1. A signal processing device,
A first microphone configured to be located on a side of a user's head during use of the apparatus;
A second microphone configured to be positioned on the other side of the user ' s head during the use of the device;
A third microphone configured to be positioned on a coronal surface of the user's head closer to the center exit point of the user's voice than either the first microphone or the second microphone during the use of the device;
A voice activity detector configured to generate a voice activity detection signal based on a relationship between a first audio signal and a second audio signal;
A filter configured to perform a spatially selective processing operation on the second audio signal and the third audio signal to generate a spatially-selective processed signal; And
A speech estimator configured to apply the speech activity detection signal to the spatially-selective processed signal to generate a speech signal,
The first audio signal being based on a signal generated by the first microphone during the use of the device in response to the user's speech;
The second audio signal being based on a signal generated by the second microphone during the use of the device in response to the user's speech,
Wherein the third audio signal is based on the generated signal, in response to the user's speech, by the third microphone during the use of the device.

22. The method of claim 21,
Wherein the filter is configured to generate the spatially selective processed signal such that the frame of the spatially processed signal comprises more of the energy of the user's voice than a corresponding frame of the third audio signal.

22. The method of claim 21,
Wherein the speech estimator comprises:
Applying the voice activity detection signal to the spatially selective processed signal to generate a speech estimate of the user; And
And to perform a noise reduction operation on the speech estimate to obtain the speech signal based on noise information from at least one of the second audio signal and the third audio signal.

24. The method of claim 23,
Wherein the filter is configured to obtain the noise information from the second audio signal and the third audio signal.

22. The method of claim 21,
The apparatus comprises:
A second audio activity detector configured to generate a second audio activity detection signal based on a relationship between the second audio signal and the third audio signal,
And the voice activity detection signal is based on the second voice activity detection signal.
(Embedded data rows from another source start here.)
Lemma pmoment_chebU_conv n h : pmoment (U n.+1) (conv h) = pmoment (U n) h.
Proof.
elim/ltn_ind: n h => -[|[|n]] IH h.
- rewrite chebU1 -[X in pmoment X]mulr1 pmomentXM_conv !pmoment1 moment_conv0.
  by rewrite semicircle_moment0 mulr1 addr0.
- rewrite chebUSS pmomentB pmomentXM_conv chebU1 -[X in pmoment X]mulr1 !pmomentXM.
  rewrite chebU0 !pmoment1 semicircle_moment1 mulr0 add0r moment_convS.
  by rewrite semicircle_moment0 !moment_conv0 mulr1 addr0 subr0.
- rewrite chebUSS pmomentB pmomentXM_conv pmoment_chebUSS_mu; last exact: IH.
  by rewrite mulr0 add0r !IH // chebUSS pmomentB pmomentXM.
Qed.

Lemma pmoment_chebU_mu n : pmoment (U n) mu = (n == 0)%:R.
Proof.
case: n => [|[|n]]; first by rewrite pmoment1.
  by rewrite chebU1 -[X in pmoment X]mulr1 pmomentXM pmoment1 semicircle_moment1.
by rewrite (pmoment_chebUSS_mu (pmoment_chebU_conv n)).
Qed.

End Chebyshev.

Section MixedChebyshev.
Variables (C : numClosedFieldType) (rho : int -> C) (t : int).
Hypothesis rho0 : rho 0 = 1.
Local Notation U := (chebU C).
Local Notation conv := (moment_conv rho).
Local Notation M := (mixed_moment rho t).

Definition cheb_mixed_moment m b := pmoment (U m) (M ^~ b).

Lemma cheb_mixed_momentS m b :
  cheb_mixed_moment m.+1 b = rho t * conv (cheb_mixed_moment m) b.
Proof.
have XM_mixed p : pmoment ('X * p) (M ^~ b) =
    pmoment p (conv (M ^~ b)) + rho t * conv (fun l => pmoment p (M ^~ l)) b.
  rewrite pmomentXM (eq_pmoment _ (fun i => mixed_momentSl rho0 t i b)).
  rewrite pmomentDh pmomentMl; congr (_ + _ * _).
  by rewrite pmoment_sumh; apply: eq_bigr => l _; rewrite pmomentMr.
case: m => [|m]; rewrite /cheb_mixed_moment.
  by rewrite chebU1 -[X in pmoment X]mulr1 XM_mixed pmoment1 moment_conv0 add0r.
by rewrite chebUSS pmomentB XM_mixed pmoment_chebU_conv // addrAC subrr add0r.
Qed.

Lemma pmoment_cheb_mixed_moment m n :
  pmoment (U n) (cheb_mixed_moment m) = (m == n)%:R * rho t ^+ m.
Proof.
elim: m n => [|m IH] n.
  rewrite expr0 mulr1 /cheb_mixed_moment (eq_pmoment _ (fun j => pmoment1 _)).
  by rewrite (eq_pmoment _ (mixed_moment0l rho t)) pmoment_chebU_mu // eq_sym.
rewrite (eq_pmoment _ (cheb_mixed_momentS m)) pmomentMl.
case: n => [|n]; first by rewrite chebU0 pmoment1 moment_conv0 mulr0 mul0r.
by rewrite pmoment_chebU_conv // IH eqSS exprS mulrCA.
Qed.
(* Partial fractions in A = n p + r + 1: the block term has simple poles at
   A, A + 1, A + p - 1 and A + p, and summing each over r produces the two
   block harmonic sums H_n, H_(n+1) plus boundary terms. *)
Lemma c0_term_block_sum :
  P * (P - 1) * (P - 2) * sum_lt (fun r => c0_term p (n * p + r)) p
  = block_principal p n + block_telescoping p n - block_telescoping p (S n) + block_remainder p n.
Proof.
  assert (HP : 2 <= P) by apply (INR_ge2 p Hp). assert (HX : 0 <= X) by apply pos_INR.
  rewrite <- sum_lt_scal_l.
  rewrite (sum_lt_ext _ (fun r => (X + 1) * ((P-2)*(-P*X/2) * / (X * P + INR r + 1)
        - (P-2)*(-P*X/2-P) * / (X * P + INR r + P + 1)
        - P*(-P*X/2-1) * / (X * P + INR r + 2) + P*(-P*X/2-P+1) * / (X * P + INR r + P)))).
  2:{ intros i Hi. rewrite c0_term_block by auto. fold P X.
      pose proof (pos_INR i). assert (0 <= X * P) by nra.
      field. repeat split; nra. }
  rewrite sum_lt_scal_l, !sum_lt_add, !sum_lt_sub, !sum_lt_scal_l.
  fold (block_harmonic p n).
  rewrite sum_block_inv_plus2, sum_block_inv_plusP, sum_block_inv_plusP1, block_principal_harmonic.
  unfold block_telescoping, block_remainder. fold P X. rewrite S_INR. fold X.
  change (sum_lt (fun i => / (X * P + INR i + 1)) p) with (block_harmonic p n).
  generalize (block_harmonic p n) (block_harmonic p (S n)). clearbody P X. intros h1 h2.
  field. repeat split; nra.
Qed.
26. The method of claim 25,
Wherein the speech estimator is configured to suppress, from the spatially selective processed signal, the sound produced by the source in front of the user.

22. The method of claim 21,
Wherein the voice activity detector is configured to calculate a relationship between a time domain version of the first audio signal and a time domain version of the second audio signal.

22. The method of claim 21,
The apparatus includes a processor and a computer-readable medium including instructions,
Wherein the instructions cause the processor to implement each of the means for generating the voice activity detection signal, the means for using spatial information, and the means for applying the voice activity detection signal, when executed by the processor, .

29. The method according to any one of claims 21 to 28,
Wherein the voice activity detector is configured to calculate a cross-correlation between the first audio signal and the second audio signal in the time domain and over a range of delays.

30. The method of claim 29,
Calculating the cross-correlation between the first audio signal and the second audio signal over a range of delays includes calculating a cross-correlation value at a zero delay and calculating a cross-correlation value at a delay other than zero , And
Wherein the voice activity detector is configured to generate the voice activity detection signal indicating that the user is speaking when the cross-correlation value at the zero delay is greater than the cross-correlation value at another delay.

29. The method according to any one of claims 21 to 28,
Wherein the voice activity detection detector is configured to change the state of the voice activity detection signal over time to indicate whether the user is speaking or not.